Collection entries:

Definition gauss (v m x : R) := expR (- (x - m) ^+ 2 / v).
Definition gauss1 (v m x : R) := - (2 * (x - m) / v) * gauss v m x.
Definition gauss2 (v m x : R) := ((2 * (x - m) / v) ^+ 2 - 2 / v) * gauss v m x.

Lemma is_derive_gauss v m x : is_derive x (1 : R) (gauss v m) (gauss1 v m x).
Proof.
have inner : is_derive x (1 : R) (fun z => - (z - m) ^+ 2 / v) (- (2 * (x - m) / v)).
  by apply: is_derive_eq; rewrite /GRing.scale/=; ring.
by rewrite /gauss1 mulrC; apply: is_derive1_comp.
Qed.

Lemma is_derive_gauss1 v m x : is_derive x (1 : R) (gauss1 v m) (gauss2 v m x).
Proof.
have lin : is_derive x (1 : R) (fun z => - (2 * (z - m) / v)) (- (2 / v)).
  by apply: is_derive_eq; rewrite /GRing.scale/=; ring.
apply: is_derive_eq (is_deriveM lin (is_derive_gauss v m x)) _.
by rewrite /gauss2 /gauss1 /GRing.scale/=; ring.
Qed.

Lemma gauss_ge0 v m x : 0 <= gauss v m x.
Proof. exact: expR_ge0. Qed.

Lemma gauss_sqr v m x : v != 0 -> gauss (2 * v) m x ^+ 2 = gauss v m x.
Proof. by move=> v0; rewrite /gauss expr2 -expRD; congr expR; field. Qed.

Lemma gauss_le_widen v m x : 0 < v -> gauss v m x <= gauss (2 * v) m x.
Proof.
move=> v0; rewrite ler_expR -subr_ge0.
have -> : - (x - m) ^+ 2 / (2 * v) - - (x - m) ^+ 2 / v = (x - m) ^+ 2 / (2 * v).
  by field; rewrite gt_eqF.
by rewrite divr_ge0 ?sqr_ge0 ?mulr_ge0 ?ltW.
Qed.

Lemma sqr_mul_gauss_le v m x : 0 < v ->
  (x - m) ^+ 2 * gauss v m x <= 2 * v * gauss (2 * v) m x.
Proof.
move=> v0; have v2 : 2 * v != 0 by rewrite mulf_neq0 ?gt_eqF.
pose w := (x - m) ^+ 2 / (2 * v).
have w0 : 0 <= w by rewrite divr_ge0 ?sqr_ge0 ?mulr_ge0 ?ltW.
have wE : (x - m) ^+ 2 = 2 * v * w by rewrite /w mulrC divfK.
have gE : gauss (2 * v) m x = expR (- w) by rewrite /gauss mulNr.
rewrite -gauss_sqr ?gt_eqF// gE wE.
have -> : 2 * v * w * expR (- w) ^+ 2 = 2 * v * expR (- w) * (w * expR (- w)) by ring.
apply: ler_piMr; first by rewrite !mulr_ge0 ?expR_ge0 ?ltW.
by rewrite expRN ler_pdivrMr ?expR_gt0// mul1r; have := expR_ge1Dx w; lra.
Qed.

Lemma norm_gauss1_le v m x : 0 < v ->
  `|gauss1 v m x| <= (1 + 12 / v) * gauss (2 * v) m x.
Proof.
move=> v0; set G := gauss (2 * v) m x.
have G0 : 0 <= G := gauss_ge0 _ _ _.
have Gv0 : 0 <= G / v by rewrite divr_ge0// ltW.
have gG : gauss v m x <= G := gauss_le_widen m x v0.
have zg : (x - m) ^+ 2 * gauss v m x <= 2 * v * G := sqr_mul_gauss_le m x v0.
set a := `|2 * (x - m) / v|.
have amgm : a <= 1 / 2 + 2 / v ^+ 2 * (x - m) ^+ 2.
  have -> : 2 / v ^+ 2 * (x - m) ^+ 2 = a ^+ 2 / 2.
    by rewrite /a real_normK ?num_real//; field; rewrite gt_eqF.
  by have := sqr_ge0 (a - 1); lra.
rewrite /gauss1 normrM normrN (ger0_norm (gauss_ge0 _ _ _)) -/a.
apply: (le_trans (ler_wpM2r (gauss_ge0 _ _ _) amgm)).
have -> : (1 / 2 + 2 / v ^+ 2 * (x - m) ^+ 2) * gauss v m x =
    gauss v m x / 2 + 2 / v ^+ 2 * ((x - m) ^+ 2 * gauss v m x) by ring.
have : 2 / v ^+ 2 * ((x - m) ^+ 2 * gauss v m x) <= 4 * (G / v).
  rewrite (_ : 4 * (G / v) = 2 / v ^+ 2 * (2 * v * G)); last by field; rewrite gt_eqF.
  by rewrite ler_wpM2l ?divr_ge0 ?sqr_ge0.
have -> : (1 + 12 / v) * G = G + 12 * (G / v) by field; rewrite gt_eqF.
lra.
Qed.

Lemma norm_gauss2_le v m x : 0 < v ->
  `|gauss2 v m x| <= (1 + 12 / v) * gauss (2 * v) m x.
Proof.
move=> v0; set G := gauss (2 * v) m x.
have G0 : 0 <= G := gauss_ge0 _ _ _.
have Gv0 : 0 <= G / v by rewrite divr_ge0// ltW.
have gG : gauss v m x <= G := gauss_le_widen m x v0.
have zg : (x - m) ^+ 2 * gauss v m x <= 2 * v * G := sqr_mul_gauss_le m x v0.
rewrite /gauss2 normrM (ger0_norm (gauss_ge0 _ _ _)).
have -> : (2 * (x - m) / v) ^+ 2 = 4 / v ^+ 2 * (x - m) ^+ 2 by field; rewrite gt_eqF.
apply: (le_trans (ler_wpM2r (gauss_ge0 _ _ _) (ler_normB _ _))).
have c1 : 0 <= 4 / v ^+ 2 * (x - m) ^+ 2 by rewrite mulr_ge0 ?sqr_ge0// divr_ge0 ?sqr_ge0.
have c2 : 0 <= 2 / v by rewrite divr_ge0// ltW.
rewrite (ger0_norm c1) (ger0_norm c2).
have -> : (4 / v ^+ 2 * (x - m) ^+ 2 + 2 / v) * gauss v m x =
    4 / v ^+ 2 * ((x - m) ^+ 2 * gauss v m x) + 2 / v * gauss v m x by ring.
have : 4 / v ^+ 2 * ((x - m) ^+ 2 * gauss v m x) <= 8 * (G / v).
  rewrite (_ : 8 * (G / v) = 4 / v ^+ 2 * (2 * v * G)); last by field; rewrite gt_eqF.
  by rewrite ler_wpM2l ?divr_ge0 ?sqr_ge0.
have : 2 / v * gauss v m x <= 2 * (G / v).
  rewrite (_ : 2 / v * _ = 2 * (gauss v m x / v)); last by ring.
  by rewrite ler_wpM2l// ler_wpM2r// invr_ge0 ltW.
have -> : (1 + 12 / v) * G = G + 12 * (G / v) by field; rewrite gt_eqF.
lra.
Qed.

Lemma norm_gauss_le v m x : 0 < v ->
  `|gauss v m x| <= (1 + 12 / v) * gauss (2 * v) m x.
Proof.
move=> v0; rewrite ger0_norm ?gauss_ge0//; apply: (le_trans (gauss_le_widen m x v0)).
by rewrite ler_peMl ?gauss_ge0// lerDl divr_ge0// ltW.
Qed.

Lemma gauss_le_shift v m m' x : 0 < v -> `|m - m'| <= 1 ->
  gauss v m x <= expR v^-1 * gauss (2 * v) m' x.
Proof.
move=> v0 mm'; rewrite /gauss -expRD ler_expR -subr_ge0.
have -> : v^-1 + - (x - m') ^+ 2 / (2 * v) - - (x - m) ^+ 2 / v =
    ((x - m - (m - m')) ^+ 2 + 2 * (1 - (m - m') ^+ 2)) / (2 * v).
  by field; rewrite gt_eqF.
apply: divr_ge0; last by rewrite mulr_ge0// ltW.
by rewrite addr_ge0 ?sqr_ge0// mulr_ge0// subr_ge0 -real_normK ?num_real// expr_le1.
Qed.

Lemma measurable_gauss v m (D : set R) : measurable_fun D (gauss v m).
Proof.
apply: measurableT_comp => //; apply: measurable_funM => //.
by apply: measurableT_comp => //; apply: measurable_funX; exact: measurable_funB.
Qed.

Lemma gauss_normal_fun v m : 0 < v -> gauss v m = normal_fun m (Num.sqrt (v / 2)).
Proof.
move=> v0; apply/funext => x; rewrite /gauss /normal_fun sqr_sqrtr ?divr_ge0 ?ltW//.
by rewrite -mulr_natr divfK ?pnatr_eq0.
Qed.

Lemma EFin_gauss_normal_pdf v m : 0 < v -> let s := Num.sqrt (v / 2) in
  EFin \o gauss v m = (fun x => (normal_peak s)^-1%:E * (normal_pdf m s x)%:E)%E.
Proof.
move=> v0 s; have s0 : s != 0 by rewrite gt_eqF// sqrtr_gt0 divr_gt0.
apply/funext => x; rewrite /= normal_pdfE// -EFinM mulrA mulVf ?mul1r ?gauss_normal_fun//.
by rewrite gt_eqF// normal_peak_gt0.
Qed.

Lemma integrable_gauss v m (D : set (measurableTypeR R)) : measurable D -> 0 < v ->
  mu.-integrable D (EFin \o gauss v m).
Proof.
move=> mD v0; apply: (@integrableS _ _ _ mu setT D) => //.
by rewrite EFin_gauss_normal_pdf//; apply: integrableZl => //; exact: integrable_normal_pdf.
Qed.

Lemma integral_gauss v m : 0 < v ->
  (\int[mu]_x (gauss v m x)%:E = (Num.sqrt (pi * v))%:E)%E.
Proof.
move=> v0; rewrite -[X in integral _ _ X]/(EFin \o gauss v m) EFin_gauss_normal_pdf//.
rewrite integralZl//; last exact: integrable_normal_pdf.
rewrite integral_normal_pdf mule1 /normal_peak invrK sqr_sqrtr ?divr_ge0 ?ltW//.
by congr (EFin (Num.sqrt _)); rewrite -mulr_natr; field.
Qed.

Lemma Rintegral_gauss_le v m (D : set (measurableTypeR R)) : measurable D -> 0 < v ->
  \int[mu]_(x in D) gauss v m x <= Num.sqrt (pi * v).
Proof.
move=> mD v0; have g0 x : (0 <= (gauss v m x)%:E)%E by rewrite lee_fin gauss_ge0.
rewrite -lee_fin -(integral_gauss m v0) fineK; last first.
  exact: integrable_fin_num (integrable_gauss m mD v0).
apply: ge0_subset_integral => //; apply/measurable_EFinP; exact: measurable_gauss.
Qed.
End gauss.

Section square_integrable.
Variable R : realType.
Local Notation mu := (@lebesgue_measure R).
Variable D : set (measurableTypeR R).
Hypothesis mD : measurable D.

Lemma integrableZl_EFin (k : R) (f : R -> R) : mu.-integrable D (EFin \o f) ->
  mu.-integrable D (EFin \o (fun y => k * f y)).
Proof.
have -> : EFin \o (fun y => k * f y) = (fun y => k%:E * (EFin \o f) y)%E.
  by apply/funext => y; rewrite /= EFinM.
exact: integrableZl.
Qed.

Lemma integrableD_EFin (f g : R -> R) : mu.-integrable D (EFin \o f) ->
  mu.-integrable D (EFin \o g) -> mu.-integrable D (EFin \o (fun y => f y + g y)).
Proof.
have -> : EFin \o (fun y => f y + g y) = ((EFin \o f) \+ (EFin \o g))%E.
  by apply/funext => y; rewrite /= EFinD.
exact: integrableD.
Qed.

Lemma mul_le_amgm (a b s : R) : 0 < s -> a * b <= s / 2 * a ^+ 2 + (2 * s)^-1 * b ^+ 2.
Proof.
move=> s0; rewrite -subr_ge0.
have -> : s / 2 * a ^+ 2 + (2 * s)^-1 * b ^+ 2 - a * b = (s * a - b) ^+ 2 / (2 * s).
  by field; rewrite gt_eqF.
by rewrite divr_ge0 ?sqr_ge0// mulr_ge0// ltW.
Qed.

Section product.
Variables (f g : R -> R).
Hypotheses (mf : measurable_fun D f) (mg : measurable_fun D g).
Hypothesis f2 : mu.-integrable D (EFin \o (fun y => f y ^+ 2)).
Hypothesis g2 : mu.-integrable D (EFin \o (fun y => g y ^+ 2)).

Let amgm_bound s y := s / 2 * f y ^+ 2 + (2 * s)^-1 * g y ^+ 2.

Let integrable_amgm_bound s : mu.-integrable D (EFin \o amgm_bound s).
Proof. by apply: integrableD_EFin; apply: integrableZl_EFin. Qed.

Let norm_mul_le s y : 0 < s -> `|f y * g y| <= amgm_bound s y.
Proof.
move=> s0; rewrite normrM /amgm_bound.
by rewrite -(real_normK (num_real (f y))) -(real_normK (num_real (g y))) mul_le_amgm.
Qed.

Lemma integrable_mul_of_sqr : mu.-integrable D (EFin \o (fun y => f y * g y)).
Proof.
apply: le_integrable (integrable_amgm_bound 1) => //.
  by apply/measurable_EFinP; exact: measurable_funM.
by move=> y _; rewrite /= !lee_fin (le_trans (norm_mul_le y ltr01))// ler_norm.
Qed.

Lemma Rintegral_mul_le_amgm s : 0 < s ->
  `|\int[mu]_(y in D) (f y * g y)| <=
  s / 2 * \int[mu]_(y in D) f y ^+ 2 + (2 * s)^-1 * \int[mu]_(y in D) g y ^+ 2.
Proof.
move=> s0; apply: (le_trans (le_normr_Rintegral mD integrable_mul_of_sqr)).
rewrite -!RintegralZl// -RintegralD//; try exact: integrableZl_EFin.
apply: le_Rintegral => //; first exact: integrable_norm integrable_mul_of_sqr.
  exact: integrable_amgm_bound.
by move=> y _; exact: norm_mul_le.
Qed.

End product.
End square_integrable.

Section gauss_dominated.
Variable R : realType.
Local Notation mu := (@lebesgue_measure R).
Variables (D : set (measurableTypeR R)) (h : R -> R) (al be m1 m2 v : R).
Hypotheses (mD : measurable D) (mh : measurable_fun D h) (v0 : 0 < v).
Hypothesis h_le : forall y, D y -> `|h y| <= al * gauss (2 * v) m1 y + be * gauss (2 * v) m2 y.

Let dominant y := 2 * al ^+ 2 * gauss v m1 y + 2 * be ^+ 2 * gauss v m2 y.

Let sqr_le_dominant y : D y -> h y ^+ 2 <= dominant y.
Proof.
move=> Dy; have vn0 : v != 0 by rewrite gt_eqF.
set G1 := gauss (2 * v) m1 y; set G2 := gauss (2 * v) m2 y.
rewrite -real_normK ?num_real// /dominant -(gauss_sqr m1 y vn0) -(gauss_sqr m2 y vn0) -/G1 -/G2.
apply: (@le_trans _ _ ((al * G1 + be * G2) ^+ 2)).
  by rewrite lerXn2r ?nnegrE ?(le_trans _ (h_le Dy))// h_le.
by rewrite -subr_ge0 (_ : _ - _ = (al * G1 - be * G2) ^+ 2) ?sqr_ge0//; ring.
Qed.

Let integrable_dominant : mu.-integrable D (EFin \o dominant).
Proof.
by apply: integrableD_EFin => //; apply: integrableZl_EFin => //; exact: integrable_gauss.
Qed.

Lemma integrable_sqr_gauss_dominated : mu.-integrable D (EFin \o (fun y => h y ^+ 2)).
Proof.
apply: le_integrable integrable_dominant => //.
  by apply/measurable_EFinP; exact: measurable_funX.
move=> y Dy; rewrite /= !lee_fin !ger0_norm ?sqr_ge0 ?sqr_le_dominant//.
exact: le_trans (sqr_ge0 _) (sqr_le_dominant Dy).
Qed.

EXERCISE:
From the line holding "v * gauss (2 * v) m x." to the line holding "rewrite -gauss_sqr ?gt_eqF// gE wE.", inclusive, restate each line above exactly as written.

ANSWER TO THE PROBLEM:
  (x - m) ^+ 2 * gauss v m x <= 2 * v * gauss (2 * v) m x.
Proof.
move=> v0; have v2 : 2 * v != 0 by rewrite mulf_neq0 ?gt_eqF.
pose w := (x - m) ^+ 2 / (2 * v).
have w0 : 0 <= w by rewrite divr_ge0 ?sqr_ge0 ?mulr_ge0 ?ltW.
have wE : (x - m) ^+ 2 = 2 * v * w by rewrite /w mulrC divfK.
have gE : gauss (2 * v) m x = expR (- w) by rewrite /gauss mulNr.
rewrite -gauss_sqr ?gt_eqF// gE wE.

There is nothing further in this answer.